* [What needs to be done] Return the listing below in full, exactly.

* [Records provided]
Lemma solution_no_liabilities S r v :
  valid_system S -> is_solution S r -> (v < nbanks S)%nat -> l_v S r v = 0 -> r v = 1.
Proof.
  intros HS H Hv Hl; apply (clears_no_liabilities (r v) (assets S r v)).
  - exact (assets_nonneg S r (fun w Hw => proj1 (H w Hw)) v HS Hv).
  - rewrite <- Hl; exact (H v Hv).
Qed.

Lemma payment_proportional S r k :
  (forall k', In k' (contracts S) -> prio k' = 1%nat) -> In k (contracts S) ->
  0 <= r (debtor k) <= 1 -> l_v S r (debtor k) <> 0 ->
  payment S r k = r (debtor k) * liab r k.
Proof.
  intros Hprio Hk Hr Hl.
  assert (Hvp : l_vp S r (debtor k) (prio k) = l_v S r (debtor k)).
  { unfold l_vp, l_v; do 2 f_equal; apply filter_ext_in; intros k' Hk'.
    rewrite (Hprio k Hk), (Hprio k' Hk'), Nat.eqb_refl, Bool.andb_true_r; reflexivity. }
  unfold payment; rewrite Hvp, (Hprio k Hk).
  destruct Req_EM_T as [E|_]; [contradiction|].
  change (l_vle S r (debtor k) (1 - 1)) with 0.
  rewrite clamp_id; [field; exact Hl|].
  replace ((r (debtor k) * l_v S r (debtor k) - 0) / l_v S r (debtor k)) with (r (debtor k))
    by (field; exact Hl); exact Hr.
Qed.

(* [example p] gives the CDS priority [p]: [example 1] is [S] and [example 2] is [S']. *)
Definition example (p : nat) : fsystem :=
  mkSystem 3 (fun i => match i with 0%nat => 4/3 | _ => 0 end) 2
    [mkContract Debt 0 1 1 1; mkContract (CDS 1) 0 2 3 p; mkContract Debt 1 2 1 1].

Definition r_solvent : nat -> R := fun _ => 1.

Definition r_default : nat -> R := fun i => match i with 0%nat | 1%nat => 2/3 | _ => 1 end.

Lemma lt3_cases v : (v < 3)%nat -> v = 0%nat \/ v = 1%nat \/ v = 2%nat.
Proof. lia. Qed.

Lemma example_valid p : (1 <= p <= 2)%nat -> valid_system (example p).
Proof.
  intros Hp; split; [|split; [|split]].
  - intros v Hv; destruct (lt3_cases v Hv) as [-> | [-> | ->]]; simpl; lra.
  - simpl; lia.
  - intros k Hk; destruct Hk as [<- | [<- | [<- | []]]];
      unfold contract_ok; simpl; repeat split; try lia; lra.
  - intros k w Hk Hw; destruct Hk as [<- | [<- | [<- | []]]]; simpl in Hw; try discriminate.
    injection Hw as <-; exists (mkContract Debt 1 2 1 1); simpl; repeat split; auto; lra.
Qed.

Lemma example_reprioritized : reprioritized (example 1) (example 2) 0.
Proof.
  unfold reprioritized; simpl; repeat split; auto.
  repeat (constructor; [simpl; repeat split; auto|]); constructor.
Qed.

Lemma example_liab0 p r : l_v (example p) r 0 = 4 - 3 * r 1%nat.
Proof. unfold l_v, liab; simpl; ring. Qed.

Lemma example_liab1 p r : l_v (example p) r 1 = 1.
Proof. unfold l_v, liab; simpl; ring. Qed.

Lemma example_liab2 p r : l_v (example p) r 2 = 0.
Proof. reflexivity. Qed.

Lemma example_assets0 p r : assets (example p) r 0 = 4/3.
Proof. unfold assets; simpl; ring. Qed.

Lemma example_payoff0 p r : payoff (example p) r 0 = Rmax (3 * r 1%nat - 8/3) 0.
Proof. unfold payoff; rewrite example_assets0, example_liab0; f_equal; lra. Qed.

Lemma example_assets1_proportional r :
  0 <= r 0%nat <= 1 -> r 1%nat <= 1 -> assets (example 1) r 1 = r 0%nat.
Proof.
  intros Hr0 Hr1; unfold assets; cbn -[payment].
  rewrite payment_proportional; [unfold liab; simpl; ring| | |exact Hr0|].
  - intros k [<- | [<- | [<- | []]]]; reflexivity.
  - left; reflexivity.
  - change (l_v (example 1) r 0 <> 0); rewrite example_liab0; lra.
Qed.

* [Exercise solution]
Lemma solution_no_liabilities S r v :
  valid_system S -> is_solution S r -> (v < nbanks S)%nat -> l_v S r v = 0 -> r v = 1.
Proof.
  intros HS H Hv Hl; apply (clears_no_liabilities (r v) (assets S r v)).
  - exact (assets_nonneg S r (fun w Hw => proj1 (H w Hw)) v HS Hv).
  - rewrite <- Hl; exact (H v Hv).
Qed.

Lemma payment_proportional S r k :
  (forall k', In k' (contracts S) -> prio k' = 1%nat) -> In k (contracts S) ->
  0 <= r (debtor k) <= 1 -> l_v S r (debtor k) <> 0 ->
  payment S r k = r (debtor k) * liab r k.
Proof.
  intros Hprio Hk Hr Hl.
  assert (Hvp : l_vp S r (debtor k) (prio k) = l_v S r (debtor k)).
  { unfold l_vp, l_v; do 2 f_equal; apply filter_ext_in; intros k' Hk'.
    rewrite (Hprio k Hk), (Hprio k' Hk'), Nat.eqb_refl, Bool.andb_true_r; reflexivity. }
  unfold payment; rewrite Hvp, (Hprio k Hk).
  destruct Req_EM_T as [E|_]; [contradiction|].
  change (l_vle S r (debtor k) (1 - 1)) with 0.
  rewrite clamp_id; [field; exact Hl|].
  replace ((r (debtor k) * l_v S r (debtor k) - 0) / l_v S r (debtor k)) with (r (debtor k))
    by (field; exact Hl); exact Hr.
Qed.

(* [example p] gives the CDS priority [p]: [example 1] is [S] and [example 2] is [S']. *)
Definition example (p : nat) : fsystem :=
  mkSystem 3 (fun i => match i with 0%nat => 4/3 | _ => 0 end) 2
    [mkContract Debt 0 1 1 1; mkContract (CDS 1) 0 2 3 p; mkContract Debt 1 2 1 1].

Definition r_solvent : nat -> R := fun _ => 1.

Definition r_default : nat -> R := fun i => match i with 0%nat | 1%nat => 2/3 | _ => 1 end.

Lemma lt3_cases v : (v < 3)%nat -> v = 0%nat \/ v = 1%nat \/ v = 2%nat.
Proof. lia. Qed.

Lemma example_valid p : (1 <= p <= 2)%nat -> valid_system (example p).
Proof.
  intros Hp; split; [|split; [|split]].
  - intros v Hv; destruct (lt3_cases v Hv) as [-> | [-> | ->]]; simpl; lra.
  - simpl; lia.
  - intros k Hk; destruct Hk as [<- | [<- | [<- | []]]];
      unfold contract_ok; simpl; repeat split; try lia; lra.
  - intros k w Hk Hw; destruct Hk as [<- | [<- | [<- | []]]]; simpl in Hw; try discriminate.
    injection Hw as <-; exists (mkContract Debt 1 2 1 1); simpl; repeat split; auto; lra.
Qed.

Lemma example_reprioritized : reprioritized (example 1) (example 2) 0.
Proof.
  unfold reprioritized; simpl; repeat split; auto.
  repeat (constructor; [simpl; repeat split; auto|]); constructor.
Qed.

Lemma example_liab0 p r : l_v (example p) r 0 = 4 - 3 * r 1%nat.
Proof. unfold l_v, liab; simpl; ring. Qed.

Lemma example_liab1 p r : l_v (example p) r 1 = 1.
Proof. unfold l_v, liab; simpl; ring. Qed.

Lemma example_liab2 p r : l_v (example p) r 2 = 0.
Proof. reflexivity. Qed.

Lemma example_assets0 p r : assets (example p) r 0 = 4/3.
Proof. unfold assets; simpl; ring. Qed.

Lemma example_payoff0 p r : payoff (example p) r 0 = Rmax (3 * r 1%nat - 8/3) 0.
Proof. unfold payoff; rewrite example_assets0, example_liab0; f_equal; lra. Qed.

Lemma example_assets1_proportional r :
  0 <= r 0%nat <= 1 -> r 1%nat <= 1 -> assets (example 1) r 1 = r 0%nat.
Proof.
  intros Hr0 Hr1; unfold assets; cbn -[payment].
  rewrite payment_proportional; [unfold liab; simpl; ring| | |exact Hr0|].
  - intros k [<- | [<- | [<- | []]]]; reflexivity.
  - left; reflexivity.
  - change (l_v (example 1) r 0 <> 0); rewrite example_liab0; lra.
Qed.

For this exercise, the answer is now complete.